◆ REQUIRED ACTION:
Go over the records and copy every line with the string "maddN".

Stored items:
#####
(* For every positive integer $q$ there exists an integer $N_1(q)$ such that for every $n \ge N_1(q)$, every $n$-optimal $q$-configuration is non-attacking.
   Context: For $n \in \mathbb{N}$ let $I_n = \{\lfloor (2-n)/2 \rfloor, \lfloor (2-n)/2\rfloor + 1, \ldots, \lfloor n/2 \rfloor\}$ (a set of $n$ consecutive integers) and let the board be $\mathcal{B}_n = I_n \times I_n$. A configuration (of Queens) is a finite set $\mathcal{C} \subset \mathbb{Z}\times\mathbb{Z}$; it is a $q$-configuration if $|\mathcal{C}| = q$. For a square $Q=(x,y)$, its attacked set is $A(Q) = \{(x+i,y),(x,y+i),(x+i,y+i),(x+i,y-i) : i \in \mathbb{Z}\setminus\{0\}\}$, and $A(\mathcal{C}) = \bigcup_{Q\in\mathcal{C}} A(Q)$. The cover of $\mathcal{C}$ on $\mathcal{B}_n$ is $\mathrm{cover}_n(\mathcal{C}) = |(\mathcal{C}\cup A(\mathcal{C}))\cap \mathcal{B}_n|$. A $q$-configuration $\mathcal{C}\subset\mathcal{B}_n$ is $n$-optimal if $\mathrm{cover}_n(\mathcal{C}') \le \mathrm{cover}_n(\mathcal{C})$ for every $q$-configuration $\mathcal{C}'\subset \mathcal{B}_n$. A configuration $\mathcal{C}$ is non-attacking if $Q' \notin A(Q)$ for all distinct $Q, Q' \in \mathcal{C}$. *)

From Stdlib Require Import ZArith List Bool Lia.
Import ListNotations.
Open Scope Z_scope.

Definition square := (Z * Z)%type.

(* I_n = { floor((2-n)/2), ..., floor(n/2) } : n consecutive integers *)
Definition lowI (n : nat) : Z := (2 - Z.of_nat n) / 2.   (* Z.div floors *)
Definition highI (n : nat) : Z := Z.of_nat n / 2.
Definition inI (n : nat) (z : Z) : bool := (lowI n <=? z) && (z <=? highI n).
Definition inBoard (n : nat) (P : square) : bool := inI n (fst P) && inI n (snd P).

Definition Ilist (n : nat) : list Z := map (fun k => lowI n + Z.of_nat k) (seq 0 n).
Definition board (n : nat) : list square := list_prod (Ilist n) (Ilist n).

Definition attacks (Q P : square) : bool :=
  let '(x, y) := Q in let '(a, b) := P in
  negb ((x =? a) && (y =? b)) &&
  ((y =? b) || (x =? a) || (a - x =? b - y) || (a - x =? y - b)).

Definition square_eqb (P Q : square) : bool := (fst P =? fst Q) && (snd P =? snd Q).

Definition covered (C : list square) (P : square) : bool :=
  existsb (square_eqb P) C || existsb (fun Q => attacks Q P) C.

Definition cover (n : nat) (C : list square) : nat :=
  length (filter (covered C) (board n)).

Definition qconfig_on (n q : nat) (C : list square) : Prop :=
  NoDup C /\ length C = q /\ (forall P, In P C -> inBoard n P = true).

Definition n_optimal (n q : nat) (C : list square) : Prop :=
  qconfig_on n q C /\
  forall C', qconfig_on n q C' -> (cover n C' <= cover n C)%nat.

Definition non_attacking (C : list square) : Prop :=
  forall Q Q', In Q C -> In Q' C -> Q <> Q' -> attacks Q Q' = false.

From Stdlib Require Import ZArith List Lia Bool.
(* For every positive integer $n$ and complex parameters $a,b$ (with all denominators nonzero), \begin{align*} \sum_{k=0}^n \frac{(q^{-n}, q^n; q)_k\, q^k}{(q/a, q/b; q)_k} ={}&(-1)^n q^{n(n+1)/2} (1-q^n) \frac{(a, b; q)_n}{(q/a, q/b; q)_n}\biggl(\frac{1}{ab}\biggr)^n \Biggl\{\frac{1-ab}{(1-a)(1-b)}+\frac{(1/a, 1/b; q)_n}{(1-q^n)(a, b; q)_n} (-ab)^n q^{-n(n-1)/2}\\ &+(1-ab)\sum_{j=1}^{n-1} \frac{(1+q^j) (1/a, 1/b; q)_j}{ (a, b; q)_{j+1}} (-ab)^j q^{-j(j-1)/2}\Biggr\}. \end{align*}
   Context: Throughout, $q$ is a complex number with $0<|q|<1$. For $x\in\mathbb{C}$ and an integer $n\ge 0$, $(x;q)_n=\prod_{k=0}^{n-1}(1-xq^k)$, and $(x_1,\dots,x_m;q)_n=(x_1;q)_n\cdots(x_m;q)_n$. *)

From mathcomp Require Import all_boot all_order all_algebra.
From mathcomp Require Export complex.
Set Implicit Arguments. Unset Strict Implicit. Unset Printing Implicit Defensive.
Import Order.TTheory GRing.Theory Num.Theory.
Local Open Scope ring_scope.

Definition qpoch {F : comRingType} (x q : F) (n : nat) : F :=
  \prod_(k < n) (1 - x * q ^+ k).

(* Write S_n for the left-hand side and x = q^n.  Creative telescoping
   (the q-Zeilberger algorithm) gives an inhomogeneous three-term recurrence
   c0(x) S_n + c1(x) S_(n+1) + c2(x) S_(n+2) = - g(x): the combination of the
   summands is the k-difference of a certificate G(n,k), and summing over k
   leaves G(n,n+3) - G(n,0) = - g(x).  The right-hand side has the form
   P_n (C + D_n + (1 - ab) W_n), where P_(n+1) / P_n, P_n D_n and P_n t_n
   (t_n the terms of W_n) are rational functions of x; so checking that it
   obeys the same recurrence is an identity of rational functions.  Both sides
   agree for n = 1, 2, and c2(q^n) != 0 propagates the equality. *)

From mathcomp Require Import all_boot all_order all_algebra.
From mathcomp Require Import complex.
From mathcomp Require Import ring zify.
Set Implicit Arguments.
Unset Strict Implicit.
Unset Printing Implicit Defensive.
Import Order.TTheory GRing.Theory Num.Theory.
Local Open Scope ring_scope.
Local Open Scope complex_scope.

Ltac field_ctx :=
  field; rewrite ?subr_eq0 ?oner_eq0 ?[1 == _]eq_sym; by repeat (apply/andP; split).

Lemma half_mulnS n : ((n * n.+1)./2 = (n * n.-1)./2 + n)%N.
Proof.
case: n => [|n] //.
have -> : (n.+1 * n.+2 = n.+1 * n + n.+1.*2)%N by rewrite -mul2n; nia.
by rewrite halfD odd_double andbF add0n doubleK.
Qed.

Section QPochhammer.
Variable R : comNzRingType.
Implicit Types c q : R.

Lemma qpoch0 c q : qpoch c q 0 = 1.
Proof. by rewrite /qpoch big_ord0. Qed.

Lemma qpochS c q n : qpoch c q n.+1 = qpoch c q n * (1 - c * q ^+ n).
Proof. by rewrite /qpoch big_ord_recr. Qed.

Lemma qpochSl c q n : qpoch c q n.+1 = (1 - c) * qpoch (c * q) q n.
Proof.
rewrite /qpoch big_ord_recl expr0 mulr1; congr (_ * _).
by apply: eq_bigr => i _; rewrite /bump /= exprS mulrA.
Qed.

Lemma qpoch_shift c q n :
  qpoch (c * q) q n * (1 - c) = qpoch c q n * (1 - c * q ^+ n).
Proof. by rewrite mulrC -qpochSl qpochS. Qed.

End QPochhammer.

Section QPochhammerDomain.
Variable R : idomainType.
Implicit Types c q : R.

Lemma qpoch_neq0P c q n :
  reflect (forall k, (k < n)%N -> 1 - c * q ^+ k != 0) (qpoch c q n != 0).
Proof.
apply: (iffP (prodf_neq0 _ _)) => [nz k kn|nz k _]; last exact: nz.
exact: (nz (Ordinal kn)).
Qed.

Lemma qpoch_neq0_le c q m n : (m <= n)%N -> qpoch c q n != 0 -> qpoch c q m != 0.
Proof.
move=> le_mn /qpoch_neq0P nz; apply/qpoch_neq0P => k km.
exact/nz/(leq_trans km).
Qed.

End QPochhammerDomain.

Lemma qpoch_qpowN_eq0 (F : fieldType) (q : F) m n :
  q != 0 -> (m < n)%N -> qpoch (q ^- m) q n = 0.
Proof.
move=> q0 lt_mn; apply/eqP; apply: contraT => /qpoch_neq0P/(_ m lt_mn).
by rewrite mulVf ?subrr ?eqxx // expf_neq0.
Qed.

Lemma expr_neq1 (R : numDomainType) (x : R) n : `|x| < 1 -> (0 < n)%N -> x ^+ n != 1.
Proof.
move=> x_lt1 n_gt0; apply/eqP => xn1.
have : `|x| ^+ n < 1 by rewrite exprn_ilt1 // -lt0n.
by rewrite -normrX xn1 normr1 ltxx.
Qed.

Section QPochhammerField.
Variables (F : fieldType) (q : F).

Lemma qpoch_neq0_factor c n k : qpoch c q n != 0 -> (k < n)%N -> c * q ^+ k != 1.
Proof. by move=> /qpoch_neq0P nz /nz; rewrite subr_eq0 eq_sym. Qed.

Lemma qpochV_neq0_qpow c n k :
  c != 0 -> qpoch c^-1 q n != 0 -> (k < n)%N -> c != q ^+ k.
Proof.
move=> c0 nz lt_kn; apply/eqP => c_qpow.
by move: (qpoch_neq0_factor nz lt_kn); rewrite -c_qpow mulVf ?eqxx.
Qed.

Lemma qpoch_div_neq0_qpow c n j :
  c != 0 -> qpoch (q / c) q n != 0 -> (0 < j)%N -> (j <= n)%N -> c != q ^+ j.
Proof.
move=> c0 nz; case: j => // j _ lt_jn.
apply/eqP => c_qpow.
by move: (qpoch_neq0_factor nz lt_jn); rewrite mulrAC -exprS -c_qpow mulfV ?eqxx.
Qed.

Lemma qpochV_neq0 c n : c != 1 -> qpoch (q / c) q n != 0 -> qpoch c^-1 q n.+1 != 0.
Proof.
move=> c1 nz; rewrite qpochSl [c^-1 * q]mulrC mulf_neq0 //.
by rewrite subr_eq0 eq_sym invr_eq1.
Qed.

Lemma qpochV_shift c n : c != 0 -> c != q ^+ n ->
  qpoch c^-1 q n = qpoch (q / c) q n * (1 - c^-1) / (1 - c^-1 * q ^+ n).
Proof.
move=> c0 c_qpow; rewrite [q / c]mulrC qpoch_shift mulfK // subr_eq0 eq_sym.
by apply: contra c_qpow => /eqP/(congr1 (GRing.mul c)); rewrite mulVKf // mulr1 => <-.
Qed.
End QPochhammerField.

Lemma rec2_uniq (R : idomainType) (c0 c1 c2 g u v : nat -> R) N :
  (forall m, (0 < m)%N -> (m.+2 <= N)%N -> c2 m != 0) ->
  (forall m, (0 < m)%N -> (m.+2 <= N)%N ->
     c0 m * u m + c1 m * u m.+1 + c2 m * u m.+2 = g m) ->
  (forall m, (0 < m)%N -> (m.+2 <= N)%N ->
     c0 m * v m + c1 m * v m.+1 + c2 m * v m.+2 = g m) ->
  u 1 = v 1 -> ((1 < N)%N -> u 2 = v 2) ->
  forall n, (0 < n <= N)%N -> u n = v n.
Proof.
move=> c2_neq0 rec_u rec_v uv1 uv2.
have uv_next m : (m.+2 <= N)%N -> u m.+1 = v m.+1 /\ u m.+2 = v m.+2.
  elim: m => [|m IH] le_mN; first by split; last exact: uv2.
  have [uv_m1 uv_m2] := IH (ltnW le_mN); split => //.
  apply: (mulfI (c2_neq0 m.+1 isT le_mN)).
  apply: (addrI (c0 m.+1 * u m.+1 + c1 m.+1 * u m.+2)).
  by rewrite rec_u // {1}uv_m1 uv_m2 rec_v.
by case=> [|[|n]] // /andP[_ le_nN]; case: (uv_next n le_nN).
Qed.

Section Identity.
Variables (F : fieldType) (q a b : F).
Hypotheses (q_neq0 : q != 0) (a_neq0 : a != 0) (b_neq0 : b != 0).
Hypotheses (a_neq1 : a != 1) (b_neq1 : b != 1).

(* Coefficients and inhomogeneity of the recurrence, as functions of x = q^m,
   found by the q-Zeilberger algorithm. *)
Definition rec_coef0 x := - ((1 - (a * x)^-1) * (1 - (b * x)^-1))
  / ((1 - (x * x * q)^-1) * (1 - (x * x * q * q)^-1)).
Definition rec_beta x := - ((1 - x * q * q / a) * (1 - x * q * q / b))
  / ((1 - x * x * q * q) * (1 - x * x * q * q * q)).
Definition rec_coef1 x :=
  (-1 - rec_beta x - rec_coef0 x + q) * (1 - x) / (1 - (x * q)^-1).
Definition rec_coef2 x :=
  rec_beta x * (1 - x) * (1 - x * q) / ((1 - (x * q)^-1) * (1 - (x * q * q)^-1)).
Definition rec_inhom x :=
  (1 - a^-1) * (1 - b^-1) / ((1 - (x * q)^-1) * (1 - (x * q * q)^-1)).
Definition rec_regular x := [&& x != 0, x != 1, x * q != 1, x * q * q != 1,
  x * x * q != 1, x * x * q * q != 1 & x * x * q * q * q != 1].

(* With y = q^k: A_i = ((x q^(i-1))^-1; q)_k, B_i = (x q^(i-1); q)_k,
   Da = (q/a; q)_k and Ea = (1/a; q)_k; the hypotheses are their contiguity
   relations. *)
Lemma summand_rec_alg x y A1 A2 A3 B1 B2 B3 Da Db Ea Eb :
  rec_regular x ->
  Ea != 0 -> Eb != 0 -> a != y -> b != y ->
  A1 * (1 - (x * q)^-1) = A2 * (1 - (x * q)^-1 * y) ->
  A2 * (1 - (x * q * q)^-1) = A3 * (1 - (x * q * q)^-1 * y) ->
  B2 * (1 - x) = B1 * (1 - x * y) ->
  B3 * (1 - x * q) = B2 * (1 - x * q * y) ->
  Da * (1 - a^-1) = Ea * (1 - a^-1 * y) ->
  Db * (1 - b^-1) = Eb * (1 - b^-1 * y) ->
  rec_coef0 x * (A1 * B1 * y / (Da * Db)) + rec_coef1 x * (A2 * B2 * y / (Da * Db))
    + rec_coef2 x * (A3 * B3 * y / (Da * Db))
  = rec_inhom x * (A3 * (1 - (x * q * q)^-1 * y) * (B1 * (1 - x * y)) * (y * q)
                   / (Ea * (1 - a^-1 * y) * (Eb * (1 - b^-1 * y))))
    - rec_inhom x * (A3 * B1 * y / (Ea * Eb)).
Proof.
move=> /and5P[x0 x1 xq1 xqq1 /and3P[xxq1 xxqq1 xxqqq1]] Ea0 Eb0 a_y b_y
  eA1 eA2 eB2 eB3 eDa eDb.
have -> : A1 = A2 * (1 - (x * q)^-1 * y) / (1 - (x * q)^-1).
  by rewrite -eA1 mulfK // subr_eq0 eq_sym invr_eq1.
have -> : A2 = A3 * (1 - (x * q * q)^-1 * y) / (1 - (x * q * q)^-1).
  by rewrite -eA2 mulfK // subr_eq0 eq_sym invr_eq1.
have -> : B3 = B2 * (1 - x * q * y) / (1 - x * q) by rewrite -eB3 mulfK // subr_eq0 eq_sym.
have -> : B2 = B1 * (1 - x * y) / (1 - x) by rewrite -eB2 mulfK // subr_eq0 eq_sym.
have -> : Da = Ea * (1 - a^-1 * y) / (1 - a^-1).
  by rewrite -eDa mulfK // subr_eq0 eq_sym invr_eq1.
have -> : Db = Eb * (1 - b^-1 * y) / (1 - b^-1).
  by rewrite -eDb mulfK // subr_eq0 eq_sym invr_eq1.
rewrite /rec_coef1 /rec_coef2 /rec_beta /rec_coef0 /rec_inhom.
field_ctx.
Qed.
(* Let $R$ be a separative exchange ring in which $2$ is invertible, and let $a\in R$ be such that $a-a^3$ is regular. If $(a-a^3)R\propto r(a)$ and $(a-a^3)R\propto R/aR$, then $a$ is unit-regular.
   Context: All rings are associative with identity; modules are right modules. An element $x\in R$ is regular if $x=xyx$ for some $y\in R$, and unit-regular if $x=xux$ for some unit $u\in R$. $R$ is an exchange ring if for every $x\in R$ there is an idempotent $e\in xR$ with $1-e\in(1-x)R$. $R$ is separative if for all finitely generated projective right $R$-modules $A,B$: $A\oplus A\cong A\oplus B\cong B\oplus B$ implies $A\cong B$. $r(a)=\{x\in R: ax=0\}$. For right modules $A,B$, $A\propto B$ means that $A$ is isomorphic to a direct summand of $B^{\oplus m}$ (direct sum of $m$ copies of $B$) for some positive integer $m$. *)

From HB Require Import structures.
From mathcomp Require Import all_boot all_algebra.
Set Implicit Arguments. Unset Strict Implicit. Unset Printing Implicit Defensive.
Import GRing.Theory.
Local Open Scope ring_scope.

(* A right R-module: carrier with an equivalence relation (its equality),
   compatible operations, and the module axioms holding up to that equality. *)
Record rmod (R : pzRingType) := RMod {
  mcar :> Type;
  meq : mcar -> mcar -> Prop;
  mzero : mcar;
  madd : mcar -> mcar -> mcar;
  mopp : mcar -> mcar;
  mact : mcar -> R -> mcar;
  meq_refl : forall x, meq x x;
  meq_sym : forall x y, meq x y -> meq y x;
  meq_trans : forall x y z, meq x y -> meq y z -> meq x z;
  madd_compat : forall x x' y y', meq x x' -> meq y y' -> meq (madd x y) (madd x' y');
  mopp_compat : forall x x', meq x x' -> meq (mopp x) (mopp x');
  mact_compat : forall x x' r, meq x x' -> meq (mact x r) (mact x' r);
  maddA : forall x y z, meq (madd x (madd y z)) (madd (madd x y) z);
  maddC : forall x y, meq (madd x y) (madd y x);
  madd0 : forall x, meq (madd x mzero) x;
  maddN : forall x, meq (madd x (mopp x)) mzero;
  mactDl : forall x y r, meq (mact (madd x y) r) (madd (mact x r) (mact y r));
  mactDr : forall x r s, meq (mact x (r + s)) (madd (mact x r) (mact x s));
  mactM : forall x r s, meq (mact x (r * s)) (mact (mact x r) s);
  mact1 : forall x, meq (mact x 1) x }.

Arguments meq {R M} : rename.
Arguments mzero {R M} : rename.
Arguments madd {R M} : rename.
Arguments mopp {R M} : rename.
Arguments mact {R M} : rename.

Definition is_hom (R : pzRingType) (A B : rmod R) (f : A -> B) : Prop :=
  [/\ (forall x y, meq x y -> meq (f x) (f y)),
      (forall x y, meq (f (madd x y)) (madd (f x) (f y))) &
      (forall x r, meq (f (mact x r)) (mact (f x) r))].

Definition miso (R : pzRingType) (A B : rmod R) : Prop :=
  exists (f : A -> B) (g : B -> A),
    [/\ is_hom f, is_hom g, (forall x, meq (g (f x)) x) & (forall y, meq (f (g y)) y)].

Definition dsum (R : pzRingType) (A B : rmod R) : rmod R.
Proof.
refine (@RMod R (A * B)%type
  (fun p q => meq p.1 q.1 /\ meq p.2 q.2)
  (mzero, mzero)
  (fun p q => (madd p.1 q.1, madd p.2 q.2))
  (fun p => (mopp p.1, mopp p.2))
  (fun p r => (mact p.1 r, mact p.2 r)) _ _ _ _ _ _ _ _ _ _ _ _ _ _).
- by move=> x; split; apply: meq_refl.
- by move=> x y [? ?]; split; apply: meq_sym.
- by move=> x y z [? ?] [? ?]; split; apply: meq_trans; eauto.
- by move=> x x' y y' [? ?] [? ?]; split; apply: madd_compat.
- by move=> x x' [? ?]; split; apply: mopp_compat.
- by move=> x x' r [? ?]; split; apply: mact_compat.
- by move=> x y z; split; apply: maddA.
- by move=> x y; split; apply: maddC.
- by move=> x; split; apply: madd0.
- by move=> x; split; apply: maddN.
- by move=> x y r; split; apply: mactDl.
- by move=> x r s; split; apply: mactDr.
- by move=> x r s; split; apply: mactM.
- by move=> x; split; apply: mact1.
Defined.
#####
◆ WRITTEN RESPONSE:
  maddN : forall x, meq (madd x (mopp x)) mzero;
- by move=> x; split; apply: maddN.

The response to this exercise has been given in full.